A more long-term dream is to have access to experiments-as-a-service, just like a software engineer would consume Amazon Web Services. In this cloud-lab provider model, companies like Strateos and Emerald Cloud Lab are aiming to build out modular lab automation platforms—and to make them available remotely via an API or application. There are major engineering and cultural challenges that still need to be overcome before this paradigm can reach large-scale adoption.
Next time: Software
Massively parallel Sequencing and Synthesis have changed biology. They can be combined in creative ways to massively parallelize everything. With new programmable molecular tools like CRISPR, we can also dramatically Scale scientific perturbations and genome engineering. This has revolutionized biotech, before even accounting for the progress being made in lab automation and robotics.
All of this new tooling and data has generated massive bottlenecks for design and analysis. The final post in this series will provide an overview of the types of Software and models that are being developed to tackle these challenges.

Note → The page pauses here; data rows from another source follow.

(* Let $K \ge 1$ be an integer and let $\Phi \in \mathbb{R}^{M \times N}$ satisfy the restricted isometry property of order $K+1$ with isometry constant $\delta < \frac{1}{3}$. Let $x \in \mathbb{R}^N$ with $\|x\|_0 \le K$, and let $x'(1), x'(2), \dots$ denote the entries of $x$ ordered by magnitude, $|x'(1)| \ge |x'(2)| \ge \cdots \ge |x'(K)| \ge 0$, with $x'(K+1) = \cdots = x'(N) = 0$. Suppose that for all $j \in \{1, 2, \dots, K-1\}$, $$\frac{|x'(j)|}{|x'(j+1)|} \ge \alpha, \qquad\text{where}\qquad \alpha > \frac{1 + 2\frac{\delta}{1-\delta}\sqrt{K-1}}{1 - 2\frac{\delta}{1-\delta}}.$$ Then Orthogonal Matching Pursuit applied to $\Phi$ and $y = \Phi x$ recovers $x$ exactly in $K$ iterations, i.e. $x^K = x$.
   Context: For $x \in \mathbb{R}^N$, $\|x\|_0 := |\mathrm{supp}(x)|$ is the number of nonzero entries. A matrix $\Phi \in \mathbb{R}^{M\times N}$ satisfies the restricted isometry property (RIP) of order $K$ with isometry constant $\delta \in (0,1)$ if $(1-\delta)\|x\|_2^2 \le \|\Phi x\|_2^2 \le (1+\delta)\|x\|_2^2$ for all $x \in \mathbb{R}^N$ with $\|x\|_0 \le K$. Orthogonal Matching Pursuit (OMP) with input $\Phi$ and $y \in \mathbb{R}^M$: initialize $r^0 = y$, $x^0 = 0$, $\Lambda^0 = \emptyset$, $\ell = 0$. Each iteration: compute $h^\ell = \Phi^T r^\ell$; set $\Lambda^{\ell+1} = \Lambda^\ell \cup \{j^*\}$ where $j^*$ is an index maximizing $|h^\ell(j)|$ (if several maxima exist, exactly one is chosen); set $x^{\ell+1} = \arg\min_{z:\, \mathrm{supp}(z) \subseteq \Lambda^{\ell+1}} \|y - \Phi z\|_2$ and $r^{\ell+1} = y - \Phi x^{\ell+1}$; increment $\ell$. The output after $\ell$ iterations is $x^\ell$. *)

From HB Require Import structures.
From mathcomp Require Import all_boot all_order all_algebra.
From mathcomp Require Import reals.
Set Implicit Arguments. Unset Strict Implicit. Unset Printing Implicit Defensive.
Import Order.TTheory GRing.Theory Num.Theory.
Local Open Scope ring_scope.
(* Let c_m = 1/(m+1) for m < n and c_n = 0, so that C_n = (c_(max i j)). Summation by
   parts gives (C_n x)_i = Z_i := sum_(i <= m < n) (c_m - c_(m+1)) S_m with the partial
   sums S_m = x_0 + ... + x_m, whence x^* C_n x = sum_m (c_m - c_(m+1)) |S_m|^2 >= 0 and
   alpha I + C_n is positive definite, as is its inverse A_n. The same formula yields a
   discrete maximum principle: where |Z_k| is maximal, |Z_k| <= |((alpha I + C_n) x)_k|,
   so |x_i| <= 2 ||(alpha I + C_n) x||_oo / alpha and ||A_n||_oo <= 2 / alpha. The Schur
   test with the weights binom(2j, j) / 4^j puts the spectrum of C_n in the disc of radius
   4, so the eigenvalues of A_n have modulus at least 1 / (alpha + 4). Finally
   ||A_n^-1||_oo is at least the first row sum of C_n, the harmonic number H_n. *)

Lemma ler_norm_add_diffs (F : numDomainType) (u v w p q : F) :
  0 <= p -> 0 <= q -> `|v| <= `|u| -> `|w| <= `|u| ->
  `|u| <= `|u + p * (u - v) + q * (u - w)|.
Proof.
move=> p0 q0 vu wu; set y := _ + _ + _.
have pq0 : 0 <= 1 + p + q by rewrite !addr_ge0 ?ler01.
have -> : `|u| = `|(1 + p + q) * u| - (p + q) * `|u|.
  by rewrite normrM (ger0_norm pq0); ring.
have -> : (1 + p + q) * u = y + p * v + q * w by rewrite /y; ring.
rewrite lerBlDr; apply: (le_trans (ler_normD _ _)).
rewrite normrM ger0_norm // mulrDl addrA lerD ?ler_wpM2l //.
apply: (le_trans (ler_normD _ _)).
by rewrite normrM ger0_norm // lerD2l ler_wpM2l.
Qed.

Lemma real_arg_max_exists (I : finType) (F : numDomainType) (i0 : I) (f : I -> F) :
  (forall i, f i \is Num.real) -> exists k, forall i, f i <= f k.
Proof.
move=> fR; have [] // := @real_arg_maxP F I i0 xpredT f.
by move=> k _ kmax; exists k => i; apply: kmax.
Qed.

Section MaxKernel.
Variables (F : numFieldType) (n : nat) (c : nat -> F).
Hypothesis c_n : c n = 0.
Hypothesis c_decr : forall m, (m < n)%N -> c m.+1 < c m.

Definition maxker : 'M[F]_n := \matrix_(i, j) c (maxn i j).

Definition psum (x : 'cV[F]_n) (m : nat) : F := \sum_(j < n | (j <= m)%N) x j 0.

Definition maxker_tail (x : 'cV[F]_n) (i : nat) : F :=
  \sum_(m < n | (i <= m)%N) (c m - c m.+1) * psum x m.

Lemma sum_maxker_coef_diff k : (k < n)%N -> \sum_(m < n | (k <= m)%N) (c m - c m.+1) = c k.
Proof.
move=> kn; transitivity (\sum_(k <= m < n) (c m - c m.+1)); first by rewrite big_geq_mkord.
rewrite (eq_bigr (fun m => - (c m.+1 - c m))) => [|m _]; last by rewrite opprB.
by rewrite sumrN telescope_sumr ?(ltnW kn) // c_n sub0r opprK.
Qed.

Lemma maxker_coef_diff_gt0 m : (m < n)%N -> 0 < c m - c m.+1.
Proof. by move=> mn; rewrite subr_gt0 c_decr. Qed.

Lemma maxker_coef_gt0 m : (m < n)%N -> 0 < c m.
Proof.
move=> mn; rewrite -(sum_maxker_coef_diff mn) (bigD1 (Ordinal mn)) //=.
rewrite ltr_pwDl ?maxker_coef_diff_gt0 // sumr_ge0 // => i _.
by rewrite ltW ?maxker_coef_diff_gt0.
Qed.

Lemma maxker_mulmxE (x : 'cV[F]_n) (i : 'I_n) : (maxker *m x) i 0 = maxker_tail x i.
Proof.
rewrite mxE.
under eq_bigr => j _ do
  rewrite mxE -sum_maxker_coef_diff ?gtn_max ?ltn_ord // mulr_suml big_mkcond /=.
rewrite exchange_big /maxker_tail [RHS]big_mkcond /=; apply: eq_bigr => m _.
case: (leqP i m) => im /=; last by rewrite big1 // => j _; rewrite geq_max leqNgt im.
rewrite mulr_sumr [RHS]big_mkcond /=; apply: eq_bigr => j _.
by rewrite geq_max im /=; case: ifP; rewrite ?mulr0.
Qed.

Lemma maxker_tailS (x : 'cV[F]_n) i : (i < n)%N ->
  maxker_tail x i = (c i - c i.+1) * psum x i + maxker_tail x i.+1.
Proof.
move=> lin; rewrite /maxker_tail (bigD1 (Ordinal lin)) //=; congr (_ + _).
by apply: eq_bigl => m; rewrite ltn_neqAle andbC eq_sym.
Qed.

Lemma maxker_tail_out (x : 'cV[F]_n) i : (n <= i)%N -> maxker_tail x i = 0.
Proof.
by move=> ni; rewrite /maxker_tail big_pred0 // => m; rewrite leqNgt (leq_trans _ ni).
Qed.

Lemma psum_ord (x : 'cV[F]_n) (k : 'I_n) :
  psum x k = x k 0 + \sum_(j < n | (j < k)%N) x j 0.
Proof.
rewrite /psum (bigD1 k) //=; congr (_ + _).
by apply: eq_bigl => m; rewrite ltn_neqAle andbC.
Qed.

Variable a : F.
Hypothesis a_gt0 : 0 < a.
Local Notation B := (a%:M + maxker).

Lemma shift_maxker_mulmxE (x : 'cV[F]_n) j : (B *m x) j 0 = a * x j 0 + maxker_tail x j.
Proof. by rewrite mulmxDl mul_scalar_mx !mxE -maxker_mulmxE mxE. Qed.

(* Writing a x_k = a (S_k - S_(k-1)) with S_m = (Z_m - Z_(m+1)) / (c_m - c_(m+1)),
   (B x)_k is Z_k plus nonnegative multiples of Z_k - Z_(k+1) and Z_k - Z_(k-1). *)
Lemma maxker_tail_max_le (x : 'cV[F]_n) (k : 'I_n) :
  (forall m, `|maxker_tail x m| <= `|maxker_tail x k|) ->
  `|maxker_tail x k| <= `|(B *m x) k 0|.
Proof.
set Z := maxker_tail x => Zmax.
have dk := maxker_coef_diff_gt0 (ltn_ord k).
have Sk : psum x k = (Z k - Z k.+1) / (c k - c k.+1).
  by rewrite /Z (maxker_tailS x (ltn_ord k)) addrK mulrAC divff ?mul1r // gt_eqF.
have [q [w [q0 [wZ Sprev]]]] : exists q w, 0 <= q /\ `|w| <= `|Z k| /\
    - \sum_(j < n | (j < k)%N) x j 0 = q * (Z k - w).
  move: (ltn_ord k) (Zmax k.-1); case: (nat_of_ord k) => [|k'] /= kn wZ.
    exists 0, 0; rewrite normr0 normr_ge0 lexx mul0r.
    by rewrite big_pred0 ?oppr0 // => j; rewrite ltn0.
  have dk' := maxker_coef_diff_gt0 (ltnW kn).
  exists (c k' - c k'.+1)^-1, (Z k'); rewrite invr_ge0 ltW //; split=> //; split=> //.
  rewrite /Z (maxker_tailS x (ltnW kn)) (eq_bigl (fun j : 'I_n => (j <= k')%N)) //.
  by rewrite -/(psum x k'); field; rewrite gt_eqF.
have xk : x k 0 = psum x k - \sum_(j < n | (j < k)%N) x j 0 by rewrite psum_ord addrK.
rewrite shift_maxker_mulmxE -/Z.
have -> : a * x k 0 + Z k = Z k + (a / (c k - c k.+1)) * (Z k - Z k.+1)
    + (a * q) * (Z k - w) by rewrite xk Sk Sprev; ring.
by apply: ler_norm_add_diffs; rewrite ?divr_ge0 ?mulr_ge0 // ltW.
Qed.

Lemma shift_maxker_max_principle (x : 'cV[F]_n) (M : F) :
  (forall j, `|(B *m x) j 0| <= M) -> forall i, `|x i 0| <= 2 / a * M.
Proof.
move=> BxM i; set Z := maxker_tail x.
have [k Zk] := @real_arg_max_exists _ F i (fun k : 'I_n => `|Z k|) (fun k => normr_real (Z k)).
have Zmax m : `|Z m| <= `|Z k|.
  by case: (ltnP m n) => mn; [exact: (Zk (Ordinal mn)) | rewrite /Z maxker_tail_out // normr0].
have ZM : `|Z k| <= M := le_trans (maxker_tail_max_le Zmax) (BxM k).
have -> : x i 0 = ((B *m x) i 0 - Z i) / a.
  by rewrite shift_maxker_mulmxE /Z; field; rewrite gt_eqF.
rewrite normrM normfV (gtr0_norm a_gt0) mulrAC ler_pM2r ?invr_gt0 //.
by rewrite (le_trans (ler_normB _ _)) // mulr_natl mulr2n lerD // (le_trans (Zmax i)).
Qed.

Lemma trmx_shift_maxker : B^T = B.
Proof. by apply/matrixP => i j; rewrite !mxE maxnC eq_sym. Qed.

Lemma shift_maxker_unit : B \in unitmx.
Proof.
have Binj (y : 'cV[F]_n) : B *m y = 0 -> y = 0.
  move=> By0; apply/matrixP => i j; rewrite (ord1 j) mxE; apply/normr0_eq0.
  apply/le_anti; rewrite normr_ge0 andbT -(mulr0 (2 / a)).
  by apply: shift_maxker_max_principle => l; rewrite By0 mxE normr0.
rewrite unitmxE unitfE; apply/negP => /det0P [v vn0 vB].
have /Binj/(congr1 trmx) : B *m v^T = 0 by rewrite -trmx_shift_maxker -trmx_mul vB trmx0.
by rewrite trmxK trmx0 => v0; rewrite v0 eqxx in vn0.
Qed.

(* Test the max principle on the vector of phases of the i-th row of B^-1. *)
Lemma shift_maxker_inv_row_sum_le (i : 'I_n) : \sum_j `|invmx B i j| <= 2 / a.
Proof.
set A := invmx B.
pose y : 'cV[F]_n := \col_j (if A i j == 0 then 0 else `|A i j| / A i j).
have y_le1 j : `|y j 0| <= 1.
  rewrite mxE; case: eqP => [_|/eqP Aij]; first by rewrite normr0 ler01.
  by rewrite normrM normfV normr_id divff ?normr_eq0.
have Ay : (A *m y) i 0 = \sum_j `|A i j|.
  rewrite mxE; apply: eq_bigr => j _; rewrite mxE.
  by case: eqP => [->|/eqP Aij]; rewrite ?normr0 ?mulr0 // mulrC mulfVK.
rewrite -[leLHS]ger0_norm ?sumr_ge0 // -Ay -[2 / a]mulr1.
apply: shift_maxker_max_principle => j.
by rewrite mulmxA mulmxV ?shift_maxker_unit // mul1mx y_le1.
Qed.

End MaxKernel.

Lemma maxker_tail_form (C : numClosedFieldType) n (c : nat -> C) (x : 'cV[C]_n) :
  \sum_i (x i 0)^* * maxker_tail c x i =
  \sum_(m < n) (c m - c m.+1) * (psum x m * (psum x m)^*).
Proof.
under eq_bigr => i _ do rewrite mulr_sumr big_mkcond /=.
rewrite exchange_big /=; apply: eq_bigr => m _; rewrite -big_mkcond -mulr_suml.
have -> : \sum_(i < n | (i <= m)%N) (x i 0)^* = (psum x m)^* by rewrite rmorph_sum.
by rewrite mulrCA [_^* * _]mulrC.
Qed.

Section Adjoint.
Variable R : realType.

Lemma adjointE m p (M : 'M[R[i]]_(m, p)) : adjoint M = map_mx Num.conj M^T.
Proof. by apply/matrixP => i j; rewrite !mxE. Qed.

Lemma adjointM m p q (M : 'M[R[i]]_(m, p)) (N : 'M[R[i]]_(p, q)) :
  adjoint (M *m N) = adjoint N *m adjoint M.
Proof. by rewrite !adjointE trmx_mul map_mxM. Qed.

Lemma adjoint_formE n (A : 'M[R[i]]_n) (x y : 'cV[R[i]]_n) :
  (adjoint x *m A *m y) 0 0 = \sum_i (x i 0)^* * (A *m y) i 0.
Proof. by rewrite -mulmxA mxE; apply: eq_bigr => i _; rewrite mxE. Qed.

Lemma hermitian_invmx n (A : 'M[R[i]]_n) : is_hermitian A -> is_hermitian (invmx A).
Proof. by rewrite /is_hermitian !adjointE trmx_inv map_invmx => ->. Qed.

Lemma posdef_invmx n (A : 'M[R[i]]_n) :
  is_hermitian A -> A \in unitmx -> is_posdef A -> is_posdef (invmx A).
Proof.
move=> hA uA pA x xn0; have ->: x = A *m (invmx A *m x) by rewrite mulKVmx.
have yn0 : invmx A *m x != 0.
  by apply: contraNneq xn0 => y0; rewrite -(mulKVmx uA x) y0 mulmx0.
by rewrite adjointM hA -!mulmxA mulKmx // mulmxA pA.
Qed.

End Adjoint.

Section ShiftMaxkerPosdef.
Variables (R : realType) (n : nat) (c : nat -> R[i]) (a : R[i]).
Hypothesis c_n : c n = 0.
Hypothesis c_decr : forall m, (m < n)%N -> c m.+1 < c m.
Hypothesis a_gt0 : 0 < a.
Local Notation B := (a%:M + maxker n c).

Lemma shift_maxker_hermitian : is_hermitian B.
Proof.
rewrite /is_hermitian; apply/matrixP => i j; rewrite !mxE geC0_conj.
  by rewrite maxnC eq_sym.
have c_ge0 : 0 <= c (maxn j i).
  by rewrite ltW // (maxker_coef_gt0 c_n c_decr) // gtn_max !ltn_ord.
by rewrite addr_ge0 // mulrn_wge0 // ltW.
Qed.

Lemma shift_maxker_posdef : is_posdef B.
Proof.
move=> x xn0; rewrite adjoint_formE.
under eq_bigr => i _ do rewrite (shift_maxker_mulmxE c_n) mulrDr mulrCA -normCKC.
rewrite big_split /= maxker_tail_form // -mulr_sumr ltr_wpDr //.
  apply: sumr_ge0 => m _.
  by rewrite mulr_ge0 ?mul_conjC_ge0 ?ltW ?(maxker_coef_diff_gt0 c_decr).
rewrite mulr_gt0 //; have [i xi0] : exists i, x i 0 != 0.
  apply/existsP; apply: contraR xn0 => /existsPn x0.
  by apply/eqP/matrixP => i j; rewrite (ord1 j) mxE; apply/eqP/negPn/x0.
rewrite (bigD1 i) //= ltr_wpDr ?exprn_gt0 ?normr_gt0 //.
by apply: sumr_ge0 => j _; rewrite exprn_ge0.
Qed.

End ShiftMaxkerPosdef.

Lemma schur_eigen_norm_le (F : numFieldType) n (K : 'M[F]_n) (w : 'I_n -> F)
    (lam mu : F) (v : 'rV[F]_n) :
  (forall i j, 0 <= K i j) -> (forall i, 0 < w i) ->
  (forall j, \sum_i w i * K i j <= lam * w j) ->
  v != 0 -> v *m K = mu *: v -> `|mu| <= lam.
Proof.
move=> K_ge0 w_gt0 Kw vn0 vK.
have [i0 vi0] : exists i0, v 0 i0 != 0.
  apply/existsP; apply: contraR vn0 => /existsPn v0.
  by apply/eqP/matrixP => i j; rewrite (ord1 i) mxE; apply/eqP/negPn/v0.
pose r i := `|v 0 i| / w i.
have r_real i : r i \is Num.real by rewrite ger0_real // divr_ge0 // ltW.
have [k rk] := @real_arg_max_exists _ F i0 r r_real.
have vw i : `|v 0 i| <= r k * w i by rewrite -ler_pdivrMr //; exact: rk.
have vk : `|v 0 k| = r k * w k by rewrite mulfVK ?gt_eqF.
have rk_gt0 : 0 < r k by rewrite (lt_le_trans _ (rk i0)) ?divr_gt0 ?normr_gt0.
rewrite -(ler_pM2r (_ : 0 < `|v 0 k|)); last by rewrite vk mulr_gt0.
have -> : `|mu| * `|v 0 k| = `|\sum_i v 0 i * K i k|.
  by have := congr1 (fun M : 'rV[F]_n => M 0 k) vK; rewrite !mxE => ->; rewrite normrM.
apply: le_trans (ler_norm_sum _ _ _) _.
apply: le_trans (_ : \sum_i r k * (w i * K i k) <= _).
  by apply: ler_sum => i _; rewrite normrM (ger0_norm (K_ge0 i k)) mulrA ler_wpM2r.
by rewrite -mulr_sumr vk mulrCA ler_pM2l.
Qed.

Section Wallis.
Variable R : realFieldType.

(* wallis m = binom(2m, m) / 4^m *)
Fixpoint wallis (m : nat) : R :=
  if m is m'.+1 then wallis m' * (2 * m'%:R + 1) / (2 * m'%:R + 2) else 1.

Lemma wallisS m : wallis m.+1 = wallis m * (2 * m%:R + 1) / (2 * m%:R + 2).
Proof. by []. Qed.

Arguments wallis : simpl never.

Lemma wallis_gt0 m : 0 < wallis m.
Proof.
elim: m => [|m IH]; first exact: ltr01.
by rewrite wallisS mulr_gt0 ?invr_gt0 ?mulr_gt0 ?ltr_wpDl ?mulr_ge0 ?ler0n.
Qed.

Lemma wallis_le m : wallis m.+1 <= wallis m.
Proof.
have m0 : 0 <= m%:R :> R := ler0n _ m.
rewrite wallisS -mulrA ler_piMr ?(ltW (wallis_gt0 m)) // ler_pdivrMr ?mul1r; lra.
Qed.

Lemma wallis_sum k : \sum_(j < k.+1) wallis j = (2 * k%:R + 1) * wallis k.
Proof.
elim: k => [|k IH]; first by rewrite big_ord1 mulr0 add0r mul1r.
rewrite big_ord_recr IH /= wallisS -natr1; field.
by rewrite gt_eqF // ltr_wpDl ?mulr_ge0 ?ler0n.
Qed.

Lemma wallis_divS j : wallis j / j.+1%:R = 2 * (wallis j - wallis j.+1).
Proof.
rewrite wallisS -natr1; field.
by rewrite !gt_eqF // ltr_wpDl ?mulr_ge0 ?ler0n.
Qed.
(* Let $\mathcal C$ be a category with a class of fibrations and a class of cofibrations, let $X$ be a cofibrant object admitting at least one (weak) cylinder object and let $Y$ be a fibrant object admitting at least one (weak) path object. Then the homotopy relation on maps $X\to Y$ is an equivalence relation; more precisely, for any fixed weak cylinder object of $X$ or weak path object of $Y$, the relation ''homotopic relative to it'' is an equivalence relation (and these relations all coincide).
   Context: A class of cofibrations on $\mathcal C$: a class of maps such that $\mathcal C$ has a cofibrant initial object $0$ ($X$ cofibrant means $0\to X$ is a cofibration), isomorphisms with cofibrant domain are cofibrations, cofibrations compose, and pushouts of a cofibration $A\to B$ along $A\to C$ with $A,C$ cofibrant exist with $C\to C\sqcup_AB$ a cofibration. A class of fibrations is a class of cofibrations in $\mathcal C^{op}$. An acyclic cofibration is a cofibration with the left lifting property against all fibrations between fibrant objects; an acyclic fibration is a fibration with the right lifting property against all cofibrations between cofibrant objects. A weak cylinder object for a cofibrant $X$ is a commutative square with a cofibration $X\sqcup X\hookrightarrow IX$, the codiagonal $X\sqcup X\to X$, a map $IX\to DX$ and an acyclic cofibration $X\to DX$, such that the first inclusion $X\to IX$ is an acyclic cofibration (strong if $DX=X$). A weak path object for a fibrant $Y$ is dually a square with a fibration $PY\to Y\times Y$, the diagonal, a map $TY\to PY$ and an acyclic fibration $TY\to Y$, such that the first projection $PY\to Y$ is an acyclic fibration. Maps $f,g\colon X\to Y$ are homotopic relative to a cylinder object $IX$ if $(f,g)\colon X\sqcup X\to Y$ factors through $X\sqcup X\to IX$, and relative to a path object $PY$ if $(f,g)\colon X\to Y\times Y$ factors through $PY\to Y\times Y$. *)

Set Implicit Arguments.
Unset Strict Implicit.
Let normc_cmeas_holder (x : R) (B : set R) : 0 <= x < 1 -> measurable B ->
  B `<=` `[x, 1%R[%classic -> normc (cmeas B) <= K * (1 - x) `^ sigma.
Proof.
move=> x01 mB BA; rewrite -lee_fin; apply: le_trans (variation_holder x x01).
exact: normc_cmeas_le_variation (measurable_itv _) mB BA.
Qed.

Lemma variation_holder_Re (x : R) : 0 <= x < 1 -> forall B, measurable B ->
  B `<=` `[x, 1%R[%classic -> `|fine (mu1 B) - fine (mu2 B)| <= K * (1 - x) `^ sigma.
Proof.
move=> /[dup] /andP[x0 _] x01 B mB BA; apply: le_trans (normc_cmeas_holder x B x01 mB BA).
by rewrite (cmeas_sub_itv x B x0 BA) normr_le_normc_Re.
Qed.

Lemma variation_holder_Im (x : R) : 0 <= x < 1 -> forall B, measurable B ->
  B `<=` `[x, 1%R[%classic -> `|fine (mu3 B) - fine (mu4 B)| <= K * (1 - x) `^ sigma.
Proof.
move=> /[dup] /andP[x0 _] x01 B mB BA; apply: le_trans (normc_cmeas_holder x B x01 mB BA).
by rewrite (cmeas_sub_itv x B x0 BA) normr_le_normc_Im.
Qed.

End complex_measure.

Lemma Rintegral_powR_expR {R : realType} (mu : {finite_measure set R -> \bar R}) (m : R) :
  0 < m ->
  Rintegral mu I01 (fun x => x `^ m) =
  expR (- m) * Rintegral mu I01 (fun x => expR (m * x)) -
  Rintegral mu I01 (fun x => expR (m * (x - 1)) - x `^ m).
Proof.
move=> m0; have mI : measurable (I01 : set R) by exact: measurable_itv.
have x01 (x : R) : I01 x -> 0 <= x <= 1 by rewrite /I01 /= in_itv /= => /andP[-> /ltW ->].
have iexp : mu.-integrable I01 (EFin \o (fun x => expR (m * x))).
  apply: (finite_measure_integrable_bounded mu I01 _ (expR m) mI).
    by apply: measurableT_comp => //; exact: measurable_funM.
  move=> x /x01 /andP[x0 x1].
  by rewrite ger0_norm ?expR_ge0 // ler_expR; apply: ler_piMr => //; exact: ltW.
have ig : mu.-integrable I01 (EFin \o (fun x => expR (m * (x - 1)) - x `^ m)).
  apply: (finite_measure_integrable_bounded mu I01 _ 1 mI).
    exact: measurable_expR_mulB1_sub_powR.
  by move=> x /x01 /(expR_mulB1_sub_powR_itv _ _ m0) /andP[g0 g1]; rewrite ger0_norm.
rewrite -RintegralZl // -RintegralB //; last first.
  exact: eq_integrable mI _ _ _ (integrableZl mI (expR (- m)) iexp).
apply: eq_Rintegral => x _; rewrite -expRD.
have -> : - m + m * x = m * (x - 1) by ring.
ring.
Qed.

Lemma cm_integral_powR_sub_expR {R : realType}
    (mu1 mu2 mu3 mu4 : {finite_measure set R -> \bar R}) (m : R) : 0 < m ->
  let g x := expR (m * (x - 1)) - x `^ m in
  cm_integral mu1 mu2 mu3 mu4 (fun x => x `^ m)
    - (expR (- m))%:C%C * cm_integral mu1 mu2 mu3 mu4 (fun x => expR (m * x)) =
  - Complex (Rintegral mu1 I01 g - Rintegral mu2 I01 g)
            (Rintegral mu3 I01 g - Rintegral mu4 I01 g).
Proof.
move=> m0 g; rewrite /cm_integral !Rintegral_powR_expR //.
by congr Complex; rewrite /=; ring.
Qed.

The goal of this series is to share a broad thesis about the foundational technologies that are powering the modern biotech revolution. My hope is that the Sequencing, Synthesis, Scale, and Software mental model will provide a useful reference frame for better understanding the cutting-edge science and startups that I will write about in this newsletter. 🧬
After DRUG-seq, I’m anxiously waiting for SEX-seq and RoCk-n-RoLL-seq.